§ EXERCISE INSTRUCTIONS
Please return every record exactly as it appears.

§ RECORDS FOR THE EXERCISE
Theorem mainTheorem11 :
  exists C : R, forall (d n tau : nat) (times : nat -> R)
    (pos : nat -> R -> point),
    (1 <= tau)%nat ->
    (forall i, (i < tau)%nat -> times i < times (S i)) ->
    piecewise_linear d n tau times pos ->
    forall L : list (nat * nat * R),
      NoDup L ->
      (forall sigma psi t, In (sigma, psi, t) L ->
         is_intersection d n tau times pos sigma psi t) ->
      INR (length L) <= C * INR tau * INR n ^ 3.
Proof.
  exists 12. intros d n tau times pos Htau Hincr Hpl L Hnd HL.
  assert (Hbound : (length L <= 12 * tau * n ^ 3)%nat).
  { eapply Nat.le_trans; [apply (intersections_length d n tau times pos); auto|].
    destruct n; simpl; nia. }
  apply le_INR in Hbound. rewrite !mult_INR, pow_INR in Hbound.
  replace (INR 12) with 12 in Hbound by (simpl; ring). exact Hbound.
Qed.
(* Let $\mathcal{L}_\to\subseteq\{\land,\lor,\to,\lnot,0,1\}$ be a language containing $\to$ and $\Phi$ a Sahlqvist quasiequation in $\mathcal{L}_\to$. If an $\mathcal{L}_\to$-subreduct $\boldsymbol{A}$ of a Heyting algebra validates $\mathsf{A}(\Phi)$, then the Heyting algebra $\mathsf{Up}(\boldsymbol{A}_\ast)$ validates $\mathsf{A}(\Phi)$.
   Context: An $\mathcal{L}_\to$-subreduct of a Heyting algebra is a subalgebra of its $\mathcal{L}_\to$-reduct; in it $x\to x$ is constant with value $1$, a formula $\varphi$ is valid if $\varphi\approx1$ holds, and a set of formulas is valid if each member is. An implicative filter of $\boldsymbol{A}$ is $F\subseteq A$ with $1\in F$ and $a,a\to b\in F\Rightarrow b\in F$; $\boldsymbol{A}_\ast$ is the poset under inclusion of meet irreducible implicative filters (proper, not the intersection of two implicative filters both different from it). $\mathsf{Up}(\mathbb{X})$ is the Heyting algebra of upsets of a poset $\mathbb{X}$ ($\cap,\cup$, $U\to V=X\smallsetminus{\downarrow}(U\smallsetminus V)$, $\emptyset$, $X$). Sahlqvist quasiequations: formulas over variables with $\land,\lor,\to,\lnot,0,1$; a variable occurrence is positive (negative) if the number of negations and implication antecedents in whose scope it lies is even (odd); positive/negative formulas have all occurrences so. Sahlqvist antecedent: built from variables, negative formulas, $0,1$ by $\land,\lor$. Sahlqvist implication: positive formula, or $\lnot\varphi$ with $\varphi$ a Sahlqvist antecedent, or $\varphi\to\psi$ with $\varphi$ a Sahlqvist antecedent and $\psi$ positive. $\Phi=\varphi_1\land y\le z\,\&\cdots\&\,\varphi_m\land y\le z\Longrightarrow y\le z$, $y,z$ distinct variables not in the $\varphi_i$, each $\varphi_i$ built from Sahlqvist implications by $\land,\lor$, $a\le b$ meaning $a\land b\approx a$; $\Phi$ is in $\mathcal{L}_\to$ if the $\varphi_i$ only use symbols of $\mathcal{L}_\to$. For each formula $\varphi(x_1..x_n)$ and $k\ge1$, $\boldsymbol{\varphi}^k$ is the finite set: $\boldsymbol{x_m}^k=\{x_m^1..x_m^k\}$; $\boldsymbol{1}^k=\{x_1^1\to x_1^1\}$; $\boldsymbol{0}^k=\{x_1^1,x_1^1\to0\}$; $(\boldsymbol{\psi\land\chi})^k=\boldsymbol{\psi}^k\cup\boldsymbol{\chi}^k$; with $\boldsymbol{\psi}^k=\{\psi_1..\psi_p\}$, $\boldsymbol{\chi}^k=\{\chi_1..\chi_t\}$: $(\boldsymbol{\lnot\psi})^k=\{\psi_1\to(\cdots(\psi_p\to0)\cdots)\}$, $(\boldsymbol{\psi\to\chi})^k=\{\psi_1\to(\cdots(\psi_p\to\chi_j)\cdots):j\le t\}$, $(\boldsymbol{\psi\lor\chi})^k=\{\psi_i\lor\chi_j:i\le p,j\le t\}$. For finite $\Gamma=\{\gamma_1..\gamma_n\}$, $\Gamma\to\varphi$ denotes $\{\gamma_1\to(\cdots(\gamma_n\to\varphi)\cdots)\}$. $\mathsf{A}(\Phi)=\bigcup_{k\ge1}\big(((\boldsymbol{\varphi_1}^k\to y)\cup\cdots\cup(\boldsymbol{\varphi_m}^k\to y))\to y\big)$, $y$ a variable not occurring in the $\boldsymbol{\varphi_i}^k$. *)

From HB Require Import structures.
From mathcomp Require Import all_boot all_order.
Set Implicit Arguments. Unset Strict Implicit. Unset Printing Implicit Defensive.
Import Order.Theory.
Local Open Scope order_scope.
(* Let $f$ be a scale mixture of normals density with shape parameter $\delta\in\Delta$. Consider the accelerated failure time model $y_j=\log(T_j)={\bf x}_j^\top\bm\beta+\varepsilon_j$, $j=1,\dots,n$, for survival times $T_1,\dots,T_n$, where $\bm\beta\in\mathbb{R}^p$, ${\bf X}=({\bf x}_1^\top,\dots,{\bf x}_n^\top)^\top$ is a known $n\times p$ design matrix of full column rank, and $\varepsilon_j\stackrel{i.i.d.}{\sim}\mathrm{TP}(0,\sigma,\delta,\gamma;f)$, with prior $\pi(\bm\beta,\sigma,\delta,\gamma)\propto\pi(\gamma)\pi(\delta)/\sigma^{q}$, $q\ge0$, $\pi(\gamma),\pi(\delta)$ proper. Suppose that $n_c\le n$ of the survival times are censored and $n_o=n-n_c$ are observed, and let ${\bf y}_o$ denote the uncensored (log) observations and ${\bf X}_o$ the corresponding design submatrix. If the posterior distribution of $(\bm\beta,\sigma,\delta,\gamma)$ based only on the $n_o$ uncensored observations (i.e. on the model for ${\bf y}_o$ with design matrix ${\bf X}_o$ and the same prior) is proper, then the posterior distribution of $(\bm\beta,\sigma,\delta,\gamma)$ based on the full (censored and uncensored) sample is proper.
   Context: A scale mixture of normals density is $f(z\mid\delta)=\int_{\mathbb{R}_+}\tau^{1/2}\phi(\tau^{1/2}z)\,dH(\tau\mid\delta)$ with $\phi$ the standard normal density and $H(\cdot\mid\delta)$ a mixing distribution on $\mathbb{R}_+$. The two-piece distribution $\mathrm{TP}(\mu,\sigma,\delta,\gamma;f)$ has density $g(z)=\frac{2}{\sigma[a(\gamma)+b(\gamma)]}\left[f\!\left(\frac{z-\mu}{\sigma b(\gamma)}\Big|\delta\right)I(z<\mu)+f\!\left(\frac{z-\mu}{\sigma a(\gamma)}\Big|\delta\right)I(z\ge\mu)\right]$, $z\in\mathbb{R}$, with $\mu\in\mathbb{R}$, $\sigma>0$, $\gamma\in\Gamma\subset\mathbb{R}$, and $a(\cdot),b(\cdot)$ given positive functions on $\Gamma$. In the likelihood, an uncensored observation contributes the density $g(y_j-{\bf x}_j^\top\bm\beta)$ (with $\mu=0$) and a censored observation contributes the probability, under this error distribution, that $y_j$ lies in its censoring set (e.g. $(\log T_j,\infty)$ for right censoring, or an interval for interval censoring). The posterior is proper if likelihood times prior has finite integral. *)

From HB Require Import structures.
From mathcomp Require Import all_boot all_order all_algebra.
From mathcomp Require Import all_classical all_reals all_analysis.
From mathcomp Require Import measurable_realfun.
Set Implicit Arguments. Unset Strict Implicit. Unset Printing Implicit Defensive.
Import Order.TTheory GRing.Theory Num.Theory.
Import numFieldNormedType.Exports.
Local Open Scope classical_set_scope.
Local Open Scope ring_scope.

§ RESULT OF THIS EXERCISE
Theorem mainTheorem11 :
  exists C : R, forall (d n tau : nat) (times : nat -> R)
    (pos : nat -> R -> point),
    (1 <= tau)%nat ->
    (forall i, (i < tau)%nat -> times i < times (S i)) ->
    piecewise_linear d n tau times pos ->
    forall L : list (nat * nat * R),
      NoDup L ->
      (forall sigma psi t, In (sigma, psi, t) L ->
         is_intersection d n tau times pos sigma psi t) ->
      INR (length L) <= C * INR tau * INR n ^ 3.
Proof.
  exists 12. intros d n tau times pos Htau Hincr Hpl L Hnd HL.
  assert (Hbound : (length L <= 12 * tau * n ^ 3)%nat).
  { eapply Nat.le_trans; [apply (intersections_length d n tau times pos); auto|].
    destruct n; simpl; nia. }
  apply le_INR in Hbound. rewrite !mult_INR, pow_INR in Hbound.
  replace (INR 12) with 12 in Hbound by (simpl; ring). exact Hbound.
Qed.
(* Let $\mathcal{L}_\to\subseteq\{\land,\lor,\to,\lnot,0,1\}$ be a language containing $\to$ and $\Phi$ a Sahlqvist quasiequation in $\mathcal{L}_\to$. If an $\mathcal{L}_\to$-subreduct $\boldsymbol{A}$ of a Heyting algebra validates $\mathsf{A}(\Phi)$, then the Heyting algebra $\mathsf{Up}(\boldsymbol{A}_\ast)$ validates $\mathsf{A}(\Phi)$.
   Context: An $\mathcal{L}_\to$-subreduct of a Heyting algebra is a subalgebra of its $\mathcal{L}_\to$-reduct; in it $x\to x$ is constant with value $1$, a formula $\varphi$ is valid if $\varphi\approx1$ holds, and a set of formulas is valid if each member is. An implicative filter of $\boldsymbol{A}$ is $F\subseteq A$ with $1\in F$ and $a,a\to b\in F\Rightarrow b\in F$; $\boldsymbol{A}_\ast$ is the poset under inclusion of meet irreducible implicative filters (proper, not the intersection of two implicative filters both different from it). $\mathsf{Up}(\mathbb{X})$ is the Heyting algebra of upsets of a poset $\mathbb{X}$ ($\cap,\cup$, $U\to V=X\smallsetminus{\downarrow}(U\smallsetminus V)$, $\emptyset$, $X$). Sahlqvist quasiequations: formulas over variables with $\land,\lor,\to,\lnot,0,1$; a variable occurrence is positive (negative) if the number of negations and implication antecedents in whose scope it lies is even (odd); positive/negative formulas have all occurrences so. Sahlqvist antecedent: built from variables, negative formulas, $0,1$ by $\land,\lor$. Sahlqvist implication: positive formula, or $\lnot\varphi$ with $\varphi$ a Sahlqvist antecedent, or $\varphi\to\psi$ with $\varphi$ a Sahlqvist antecedent and $\psi$ positive. $\Phi=\varphi_1\land y\le z\,\&\cdots\&\,\varphi_m\land y\le z\Longrightarrow y\le z$, $y,z$ distinct variables not in the $\varphi_i$, each $\varphi_i$ built from Sahlqvist implications by $\land,\lor$, $a\le b$ meaning $a\land b\approx a$; $\Phi$ is in $\mathcal{L}_\to$ if the $\varphi_i$ only use symbols of $\mathcal{L}_\to$. For each formula $\varphi(x_1..x_n)$ and $k\ge1$, $\boldsymbol{\varphi}^k$ is the finite set: $\boldsymbol{x_m}^k=\{x_m^1..x_m^k\}$; $\boldsymbol{1}^k=\{x_1^1\to x_1^1\}$; $\boldsymbol{0}^k=\{x_1^1,x_1^1\to0\}$; $(\boldsymbol{\psi\land\chi})^k=\boldsymbol{\psi}^k\cup\boldsymbol{\chi}^k$; with $\boldsymbol{\psi}^k=\{\psi_1..\psi_p\}$, $\boldsymbol{\chi}^k=\{\chi_1..\chi_t\}$: $(\boldsymbol{\lnot\psi})^k=\{\psi_1\to(\cdots(\psi_p\to0)\cdots)\}$, $(\boldsymbol{\psi\to\chi})^k=\{\psi_1\to(\cdots(\psi_p\to\chi_j)\cdots):j\le t\}$, $(\boldsymbol{\psi\lor\chi})^k=\{\psi_i\lor\chi_j:i\le p,j\le t\}$. For finite $\Gamma=\{\gamma_1..\gamma_n\}$, $\Gamma\to\varphi$ denotes $\{\gamma_1\to(\cdots(\gamma_n\to\varphi)\cdots)\}$. $\mathsf{A}(\Phi)=\bigcup_{k\ge1}\big(((\boldsymbol{\varphi_1}^k\to y)\cup\cdots\cup(\boldsymbol{\varphi_m}^k\to y))\to y\big)$, $y$ a variable not occurring in the $\boldsymbol{\varphi_i}^k$. *)

From HB Require Import structures.
From mathcomp Require Import all_boot all_order.
Set Implicit Arguments. Unset Strict Implicit. Unset Printing Implicit Defensive.
Import Order.Theory.
Local Open Scope order_scope.
(* Let $f$ be a scale mixture of normals density with shape parameter $\delta\in\Delta$. Consider the accelerated failure time model $y_j=\log(T_j)={\bf x}_j^\top\bm\beta+\varepsilon_j$, $j=1,\dots,n$, for survival times $T_1,\dots,T_n$, where $\bm\beta\in\mathbb{R}^p$, ${\bf X}=({\bf x}_1^\top,\dots,{\bf x}_n^\top)^\top$ is a known $n\times p$ design matrix of full column rank, and $\varepsilon_j\stackrel{i.i.d.}{\sim}\mathrm{TP}(0,\sigma,\delta,\gamma;f)$, with prior $\pi(\bm\beta,\sigma,\delta,\gamma)\propto\pi(\gamma)\pi(\delta)/\sigma^{q}$, $q\ge0$, $\pi(\gamma),\pi(\delta)$ proper. Suppose that $n_c\le n$ of the survival times are censored and $n_o=n-n_c$ are observed, and let ${\bf y}_o$ denote the uncensored (log) observations and ${\bf X}_o$ the corresponding design submatrix. If the posterior distribution of $(\bm\beta,\sigma,\delta,\gamma)$ based only on the $n_o$ uncensored observations (i.e. on the model for ${\bf y}_o$ with design matrix ${\bf X}_o$ and the same prior) is proper, then the posterior distribution of $(\bm\beta,\sigma,\delta,\gamma)$ based on the full (censored and uncensored) sample is proper.
   Context: A scale mixture of normals density is $f(z\mid\delta)=\int_{\mathbb{R}_+}\tau^{1/2}\phi(\tau^{1/2}z)\,dH(\tau\mid\delta)$ with $\phi$ the standard normal density and $H(\cdot\mid\delta)$ a mixing distribution on $\mathbb{R}_+$. The two-piece distribution $\mathrm{TP}(\mu,\sigma,\delta,\gamma;f)$ has density $g(z)=\frac{2}{\sigma[a(\gamma)+b(\gamma)]}\left[f\!\left(\frac{z-\mu}{\sigma b(\gamma)}\Big|\delta\right)I(z<\mu)+f\!\left(\frac{z-\mu}{\sigma a(\gamma)}\Big|\delta\right)I(z\ge\mu)\right]$, $z\in\mathbb{R}$, with $\mu\in\mathbb{R}$, $\sigma>0$, $\gamma\in\Gamma\subset\mathbb{R}$, and $a(\cdot),b(\cdot)$ given positive functions on $\Gamma$. In the likelihood, an uncensored observation contributes the density $g(y_j-{\bf x}_j^\top\bm\beta)$ (with $\mu=0$) and a censored observation contributes the probability, under this error distribution, that $y_j$ lies in its censoring set (e.g. $(\log T_j,\infty)$ for right censoring, or an interval for interval censoring). The posterior is proper if likelihood times prior has finite integral. *)

From HB Require Import structures.
From mathcomp Require Import all_boot all_order all_algebra.
From mathcomp Require Import all_classical all_reals all_analysis.
From mathcomp Require Import measurable_realfun.
Set Implicit Arguments. Unset Strict Implicit. Unset Printing Implicit Defensive.
Import Order.TTheory GRing.Theory Num.Theory.
Import numFieldNormedType.Exports.
Local Open Scope classical_set_scope.
Local Open Scope ring_scope.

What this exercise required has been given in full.